Your answer should be only the lines below from the one with "fun n => \sum_(i < n.+1) f i * g (n - i)%N." to the one with "0 => Rring a d", repeated exactly, ends included.

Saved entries
-=-=-=-=-
Lemma invx i t : (0 < i <= 12)%N -> (x i t)^-1 = x i (- t)%R.
Proof. by move=> ir; apply: (@mulgI _ (x i t)); rewrite mulgV mulx ?subrr ?x0. Qed.

Lemma commg_x i j t u : (0 < i <= 12)%N -> (0 < j <= 12)%N ->
  [~ x i t, x j u] =
    if (i < j)%N then root_comm i j t u
    else if (j < i)%N then (root_comm j i u t)^-1 else 1.
Proof.
case: Rel => _ xR _ _ /andP[i0 i12] /andP[j0 j12].
case: ltngtP => [lt_ij|lt_ji|<-]; first exact: xR.
  by rewrite -invg_comm xR.
by apply/eqP/commgP; rewrite /commute !mulx ?i0 // addrC.
Qed.

Lemma d4prod_inj : injective (d4prod x).
Proof. by case: Rel. Qed.

Lemma Xroot_group i : (0 < i <= 12)%N -> group_set (Xroot x i).
Proof.
move=> ir; apply/group_setP; split; first by apply/imsetP; exists 0%R; rewrite ?x0.
by move=> _ _ /imsetP[t _ ->] /imsetP[u _ ->]; rewrite mulx //; apply: imset_f.
Qed.

Lemma mem_Xroot i t : x i t \in Xroot x i.
Proof. exact: imset_f. Qed.

Lemma Xprod_nil : Xprod x [::] = 1.
Proof. by rewrite /Xprod big_nil. Qed.

Lemma Xprod_cons i s : Xprod x (i :: s) = Xroot x i * Xprod x s.
Proof. by rewrite /Xprod big_cons. Qed.

Lemma Xprod1 i : Xprod x [:: i] = Xroot x i.
Proof. by rewrite Xprod_cons Xprod_nil mulg1. Qed.

Lemma prod_mem_Xprod s f : \prod_(n <- s) x n (f n) \in Xprod x s.
Proof.
elim: s => [|i s IH]; first by rewrite big_nil Xprod_nil set11.
by rewrite big_cons Xprod_cons mem_mulg ?mem_Xroot.
Qed.
Lemma contract_fulfil_lo R x y a : x < y -> y < y0 -> Req phi R (contract (x, y)) a ->
  exists q, inP (N - d) q /\ relP R (x, y) q /\ obs phi (contract q) a.
Proof.
  intros Hxy Hy HR; rewrite contract_lo in HR by lia.
  destruct (compass_fulfil phi N L HL R x y a Hxy ltac:(lia) HR)
    as [u [v [Huv [HvN [Hr Ho]]]]].
  destruct R; cbn in Hr.
  - subst u; destruct (contract_obs_above y y v a (le_n y) Hy Huv HvN Ho)
      as [v' [Hv' [Hv'N Ho']]].
    exists (y, v'); split; [split; cbn; lia|]; split; [reflexivity | exact Ho'].
  - destruct Hr as [Hu Hv]; subst u.
    exists (x, v); split; [split; cbn; lia|]; split; [cbn; lia|].
    rewrite contract_lo by lia; exact Ho.
  - destruct Hr as [Hu Hv]; subst u.
    destruct (contract_obs_above x y v a ltac:(lia) Hy Hv HvN Ho) as [v' [Hv' [Hv'N Ho']]].
    exists (x, v'); split; [split; cbn; lia|]; split; [cbn; lia | exact Ho'].
Qed.

Lemma contract_compass : compass phi (N - d) contract.
Proof.
  split; [exact contract_atom | split].
  - intros R [w x] [x' z] HR [Hwx HxN] [Hx'z HzN] Hr; cbn in *.
    destruct R; cbn in Hr |- *; [subst x' | destruct Hr as [<- Hzx] | congruence].
    + apply contract_leadsA; lia.
    + apply contract_leadsB; lia.
  - intros R [x y] a [Hxy HyN] HR; cbn in *.
    destruct (Nat.lt_ge_cases y y0) as [Hy | Hy].
    + apply contract_fulfil_lo; assumption.
    + apply contract_fulfil_hi; assumption.
Qed.

Lemma contract_features y : 0 < y0 -> 0 < y -> y < N -> L (0, y) (norm phi) ->
  features phi (N - d) contract.
Proof.
  intros Hy0 Hy HyN Hphi.
  destruct (contract_obs_above 0 0 y (norm phi) (le_n 0) Hy0 Hy HyN
    (conj (InCl_norm phi) Hphi)) as [v [Hv [HvN [_ Ho]]]].
  exists (0, v); split; [split; cbn; lia | exact Ho].
Qed.

End Contraction.

Lemma shading_sub_choice L y0 y1 : shading_sub L y0 y1 ->
  exists g, forall x, x < y0 -> g x < y1 /\ same_atom (L (x, y0)) (L (g x, y1)).
Proof.
  intro Hsh.
  apply (choice (fun x x' => x < y0 -> x' < y1 /\ same_atom (L (x, y0)) (L (x', y1)))).
  intro x; destruct (Nat.lt_ge_cases x y0) as [Hx | Hx].
  - destruct (Hsh x Hx) as [x' Hx']; exists x'; intros _; exact Hx'.
  - exists 0; lia.
Qed.

Theorem lemma2 (phi : formula) (N : nat) (L : point -> formula -> Prop) :
  compass phi N L ->
  (exists y, 0 < y < N /\ L (0, y) (norm phi)) ->
  (exists y0 y1, 0 < y0 < y1 /\ y1 < N /\ shading_sub L y0 y1) ->
  exists N' (L' : point -> formula -> Prop),
    N' < N /\ compass phi N' L' /\ features phi N' L'.
Proof.
  intros HL [y [Hy Hphi]] [y0 [y1 [Hy01 [Hy1N Hsh]]]].
  destruct (shading_sub_choice L y0 y1 Hsh) as [g Hg].
  exists (N - (y1 - y0)), (contract L y0 y1 g); split; [lia | split].
  - apply contract_compass; auto; lia.
  - apply (contract_features phi N L y0 y1 g HL) with y; auto; lia.
Qed.
Lemma lt_inl (A B : LO) (a b : A) : lt_of (inl a : LOplus A B) (inl b) <-> lt_of a b.
Proof. by split; case=> H1 H2; split=> // E; apply: H2; [rewrite E|case: E]. Qed.

Lemma convex_emb_inl (A B : LO) : convex_emb (@inl A B : A -> LOplus A B).
Proof. by split=> // x y [z|z] //= _ H; exists z. Qed.

Lemma convex_emb_inr_factor (A B C : LO) (e : C -> LOplus A B) :
  convex_emb e -> (forall c, exists z, e c = inr z) -> exists e' : C -> B, convex_emb e'.
Proof.
move=> [He Hc] Hr.
pose e' c := proj1_sig (constructive_indefinite_description _ (Hr c)).
have E c : e c = inr (e' c) by rewrite /e'; case: constructive_indefinite_description.
exists e'; split=> [x y|x y z H1 H2]; first by rewrite He !E.
have [w Hw] : exists w, inr z = e w by apply: (Hc x y); rewrite E.
by exists w; move: Hw; rewrite E => -[].
Qed.

Lemma LOplus_iso (A A' B B' : LO) : iso A A' -> iso B B' -> iso (LOplus A B) (LOplus A' B').
Proof.
case=> f [[f' fK f'K] Hf] [g [[g' gK g'K] Hg]].
exists (fun x => match x with inl a => inl (f a) | inr b => inr (g b) end); split.
  exists (fun x => match x with inl a => inl (f' a) | inr b => inr (g' b) end).
  + by case=> [a|b]; rewrite ?fK ?gK.
  + by case=> [a|b]; rewrite ?f'K ?g'K.
by case=> [a|b] [a'|b'] /=.
Qed.

Lemma LOplus_assoc (A B C : LO) : iso (LOplus (LOplus A B) C) (LOplus A (LOplus B C)).
Proof.
exists (fun x => match x with
  | inl (inl a) => inl a | inl (inr b) => inr (inl b) | inr c => inr (inr c) end); split.
  exists (fun x => match x with
    | inl a => inl (inl a) | inr (inl b) => inl (inr b) | inr (inr c) => inr c end).
  + by case=> [[a|b]|c].
  + by case=> [a|[b|c]].
by case=> [[a|b]|c] [[a'|b']|c'].
Qed.

Lemma omega_lin : is_lin_order omegaLO.
Proof.
split=> [x|x y|x y z|x y] /=; [exact: leqnn| |exact: leq_trans|].
  by move=> H1 H2; apply: anti_leq; rewrite H1 H2.
by case: (leqP x y) => H; [left|right; exact: ltnW].
Qed.

Definition om {i} (k : 'I_i) (n : nat) : omega_times i :=
  existT (fun _ : finLO i => omegaLO) k n.

Lemma om_eta i (s : omega_times i) : s = om (projT1 s) (projT2 s).
Proof. by case: s. Qed.

Lemma le_om i (k k' : 'I_i) n n' :
  le (om k n) (om k' n') <-> (k < k')%N \/ (k = k' /\ (n <= n')%N).
Proof.
split.
- case=> [[/= H1 H2]|[j [x [y [E1 [E2 H]]]]]].
    by left; rewrite ltn_neqAle H1 andbT; apply/eqP => E; apply: H2; apply: val_inj.
  right; have:= f_equal (@projT1 _ _) E1; have:= f_equal (@projT1 _ _) E2.
  have:= f_equal (fun s : omega_times i => (projT2 s : nat)) E1.
  have:= f_equal (fun s : omega_times i => (projT2 s : nat)) E2.
  by rewrite /om /= => -> -> -> ->.
- case=> [H|[-> H]]; last by right; exists k', n, n'.
  left; split; first by rewrite /= ltnW.
  move=> E; have E' : k = k' by change (projT1 (om k n) = projT1 (om k' n')); rewrite E.
  by move: H; rewrite E' ltnn.
Qed.
(* Let $k$ be an infinite field, $d>0$, $a\geq 7$ integers with $\gcd(a,d)=1$, and $R=k[[t^a,t^{2a+d},t^{3a+3d},t^{4a+6d}]]$ with maximal ideal $\mathfrak{m}$. The Hilbert series of the tangent cone $G_{\mathfrak{m}}$, $\sum_{n\geq0}\dim_k(\mathfrak{m}^n/\mathfrak{m}^{n+1})x^n$, equals $$\frac{\sum_{k=0}^{\lfloor a/6\rfloor+2}t_kx^k}{1-x},\qquad t_k=\#\{i\mid 0\leq i\leq a-1,\ \mu_i+\nu_i+\xi_i=k\}.$$
   Context: For $1\leq i\leq a-1$ write $i=6\mu_i+q_i$ with $0\leq q_i<6$, set $(\nu_i,\xi_i)=(1,q_i-3)$ if $q_i\geq3$ and $(\nu_i,\xi_i)=(0,q_i)$ if $q_i<3$; set $(\mu_0,\nu_0,\xi_0)=(0,0,0)$. *)

From mathcomp Require Import all_boot all_order all_algebra.
Set Implicit Arguments. Unset Strict Implicit. Unset Printing Implicit Defensive.
Import GRing.Theory.
Local Open Scope ring_scope.

Definition ps (k : fieldType) := nat -> k.

Definition ps_mul (k : fieldType) (f g : ps k) : ps k :=
  fun n => \sum_(i < n.+1) f i * g (n - i)%N.

Definition in_sg (a d s : nat) : Prop :=
  exists c0 c1 c2 c3 : nat,
    s = (c0 * a + c1 * (2 * a + d) + c2 * (3 * a + 3 * d) + c3 * (4 * a + 6 * d))%N.

(* R = k[[t^a, t^(2a+d), t^(3a+3d), t^(4a+6d)]] inside k[[t]]:
   the power series whose support lies in S. *)
Definition Rring (k : fieldType) (a d : nat) (f : ps k) : Prop :=
  forall n, f n != 0 -> in_sg a d n.

Definition mideal (k : fieldType) (a d : nat) (f : ps k) : Prop :=
  Rring a d f /\ f 0%N = 0.

Fixpoint mpow (k : fieldType) (a d : nat) (n : nat) : ps k -> Prop :=
  match n with
  | 0 => Rring a d
  | n'.+1 => fun f => exists (r : nat) (x y : 'I_r -> ps k),
      (forall j, mideal a d (x j) /\ mpow a d n' (y j)) /\
      f = (fun m => \sum_(j < r) ps_mul (x j) (y j) m)
  end.

Definition lincomb (k : fieldType) (r : nat) (c : 'I_r -> k) (v : 'I_r -> ps k)
  : ps k := fun m => \sum_(i < r) c i * v i m.

(* dim_k (m^n / m^(n+1)) = r : there are r elements of m^n whose classes
   form a k-basis of the quotient m^n / m^(n+1). *)
Definition tangent_cone_dim (k : fieldType) (a d n r : nat) : Prop :=
  exists v : 'I_r -> ps k,
    (forall i, mpow a d n (v i)) /\
    (forall f, mpow a d n f -> exists c : 'I_r -> k,
        mpow a d n.+1 (fun m => f m - lincomb c v m)) /\
    (forall c : 'I_r -> k, mpow a d n.+1 (lincomb c v) -> forall i, c i = 0).

Definition mu_i (i : nat) : nat := (i %/ 6)%N.
Definition nu_i (i : nat) : nat := if (3 <= i %% 6)%N then 1%N else 0%N.
Definition xi_i (i : nat) : nat :=
  if (3 <= i %% 6)%N then (i %% 6 - 3)%N else (i %% 6)%N.

Definition tcoef (a j : nat) : nat :=
  count (fun i => (mu_i i + nu_i i + xi_i i == j)%N) (iota 0 a).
-=-=-=-=-
## Exercise answer
  fun n => \sum_(i < n.+1) f i * g (n - i)%N.

Definition in_sg (a d s : nat) : Prop :=
  exists c0 c1 c2 c3 : nat,
    s = (c0 * a + c1 * (2 * a + d) + c2 * (3 * a + 3 * d) + c3 * (4 * a + 6 * d))%N.

(* R = k[[t^a, t^(2a+d), t^(3a+3d), t^(4a+6d)]] inside k[[t]]:
   the power series whose support lies in S. *)
Definition Rring (k : fieldType) (a d : nat) (f : ps k) : Prop :=
  forall n, f n != 0 -> in_sg a d n.

Definition mideal (k : fieldType) (a d : nat) (f : ps k) : Prop :=
  Rring a d f /\ f 0%N = 0.

Fixpoint mpow (k : fieldType) (a d : nat) (n : nat) : ps k -> Prop :=
  match n with
  | 0 => Rring a d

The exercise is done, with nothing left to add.